“Well, then, we should start by examining fossils from just before and just after each of the extinction events,” I said.
“Precisely,” said Hollus, his eyestalks weaving eagerly.
“Come with me,” I said.
“You have to take the projector with you, if I am to follow,” said Hollus.
I nodded, still getting used to this idea of telepresence, and picked up the small object.
“It will work fine if you place it in a pocket,” he said.
I did so, and then led him down to the paleobiology department’s giant collections room, in the basement of the Curatorial Centre; we didn’t have to go out into any of the public areas of the museum to get there.
The collections room was full of metal cabinets and open shelving holding prepared fossils as well as countless plaster field jackets, some still unopened half a century after they’d been brought to the museum. I started by pulling out a drawer containing skulls of Ordovician jawless fishes. Hollus looked them over, handling them gently. The force fields projected by the holoform unit seemed to define a solidness that precisely matched the alien’s apparent physical form. We bumped into each other a few times as we negotiated our way down the narrow aisles in the collections room, and my hands touched his several times as I passed him fossils.
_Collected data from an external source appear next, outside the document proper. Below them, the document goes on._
Lemma Hgen0 : H 0 = 1.
Proof. by have := hH 0; rewrite big_ord1 /gdenom_coef mul1r. Qed.

Lemma Hgen1 : H 1 = 0.
Proof.
by have := hH 1; rewrite !big_ord_recl big_ord0 /gdenom_coef /= mul1r mul0r !addr0.
Qed.

Lemma Hgen2 : H 2 = -1.
Proof.
have := hH 2; rewrite !big_ord_recl big_ord0 /gdenom_coef /= Hgen0.
by rewrite mul0r add0r !mul1r addr0 => /eqP; rewrite addr_eq0 => /eqP.
Qed.

Lemma HgenS3 k : H k.+3 = - H k.+1 - 'X * H k.
Proof.
have := hH k.+3; rewrite !big_ord_recl big1 => [|i _]; last by rewrite /gdenom_coef mul0r.
rewrite /gdenom_coef /= !subSS !subn0 mul1r mul0r add0r mul1r addr0.
by move=> /eqP; rewrite addr_eq0 opprD => /eqP.
Qed.

Lemma Hgen_coef_odd m i : odd (m + i) -> (H m)`_i = 0.
Proof.
elim/ltn_ind: m i => -[|[|[|k]]] IH i.
- by rewrite Hgen0 coef1; case: i.
- by rewrite Hgen1 coef0.
- by rewrite Hgen2 coefN coef1; case: i => // i; rewrite oppr0.
rewrite HgenS3 coefB coefXM coefN => hodd.
rewrite (IH k.+1) ?oppr0 ?sub0r //; last by move: hodd; rewrite !addSn /= negbK.
case: i hodd => [|i] hodd; first by rewrite oppr0.
by rewrite /= (IH k) ?oppr0 //; move: hodd; rewrite addnS !addSn /= !negbK => *; lia.
Qed.

Lemma Hgen_size m : (3 * size (H m) <= m + 3)%N.
Proof.
elim/ltn_ind: m => -[|[|[|k]]] IH.
- by rewrite Hgen0 size_poly1.
- by rewrite Hgen1 size_poly0.
- by rewrite Hgen2 size_polyN size_poly1.
have hX : (size ('X * H k)%R <= (size (H k)).+1)%N.
  have [->|nz] := eqVneq (H k) 0; first by rewrite mulr0 size_poly0.
  by rewrite mulrC size_mulX.
have hS : (size (H k.+3) <= maxn (size (H k.+1)) (size (H k)).+1)%N.
  rewrite HgenS3; apply: leq_trans (size_polyD _ _) _.
  by rewrite !size_polyN geq_max leq_maxl (leq_trans hX) ?leq_maxr.
move: hS (IH k.+1 (ltnW (ltnSn _))) (IH k (ltnW (ltnW (ltnSn _)))); clear; lia.
Qed.

Lemma Hgen_deg_parity m : H m != 0 -> ~~ odd (m + (size (H m)).-1).
Proof.
move=> nz; apply/negP => /Hgen_coef_odd.
by rewrite -lead_coefE; apply/eqP; rewrite lead_coef_eq0.
Qed.

End Recurrence.

Lemma rec3_uniq (F : pzRingType) (z : F) (a b : nat -> F) :
  a 0%N = b 0%N -> a 1%N = b 1%N -> a 2%N = b 2%N ->
  (forall k, a k.+3 = - a k.+1 - z * a k) ->
  (forall k, b k.+3 = - b k.+1 - z * b k) -> a =1 b.
Proof.
move=> e0 e1 e2 ra rb; elim/ltn_ind => -[|[|[|k]]] IH //.
by rewrite ra rb !IH // ltnS ?leqW.
Qed.

Section Evaluation.
Context {H : nat -> {poly int}} (hH : is_Hgen H) {F : comNzRingType} (z : F).

Local Notation h m := (map_poly intr (H m) : {poly F}).[z].

Lemma horner_HgenS3 k : h k.+3 = - h k.+1 - z * h k.
Proof.
rewrite (HgenS3 hH) rmorphB rmorphN rmorphM /= map_polyX.
by rewrite hornerD !hornerN hornerM hornerX mulrC.
Qed.

(* The characteristic polynomial l^3 + l + z of the recurrence factors as
   (l - r) (l^2 + r l + rho2) when rho2 = 1 + r^2 and z = - r rho2, so h m is a
   combination of r ^+ m and of any solution V of the second order recurrence. *)
Lemma horner_Hgen_split (r rho2 s : F) (V : nat -> F) :
  rho2 = 1 + r ^+ 2 -> z = - r * rho2 -> V 0%N = s -> V 1%N = - r * s ->
  (forall k, V k.+2 = - r * V k.+1 - rho2 * V k) ->
  forall m, (rho2 + 2 * r ^+ 2) * s * h m = rho2 * V m - r * V m.+1 + r ^+ m.+2 * s.
Proof.
move=> hrho hz v0 v1 vS; apply: (@rec3_uniq _ z).
- by rewrite (Hgen0 hH) rmorph1 hornerC v1 v0 hrho; ring.
- by rewrite (Hgen1 hH) rmorph0 hornerC ?vS v1 v0 hrho; ring.
- by rewrite (Hgen2 hH) rmorphN1 hornerN hornerC ?vS v1 v0 hrho; ring.
- by move=> k; rewrite horner_HgenS3; ring.
- by move=> k; rewrite ?vS !exprS hz hrho; ring.
Qed.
I felt a static tingling whenever his projected form contacted my skin, the only indication that he wasn’t really there.
As he examined the strange, solid skulls, I happened to comment that they looked rather alien. Hollus seemed surprised by the remark. “I” “am” “cur” “i” “ous,” he said, “about” “your” “concepts” “of” “alien” “life.”
“I thought you knew all about that,” I replied, smiling. “Anal probes and so on.”
“We have been watching your TV broadcasts for about a year now. But I suspect you have more interesting material than what I have seen.”
“What have you seen?”
“A show about an academic and his family who are extraterrestrials.”
It took me a moment to recognize it. “Ah,” I said. “That’s 3rd Rock from the Sun. It’s a comedy.”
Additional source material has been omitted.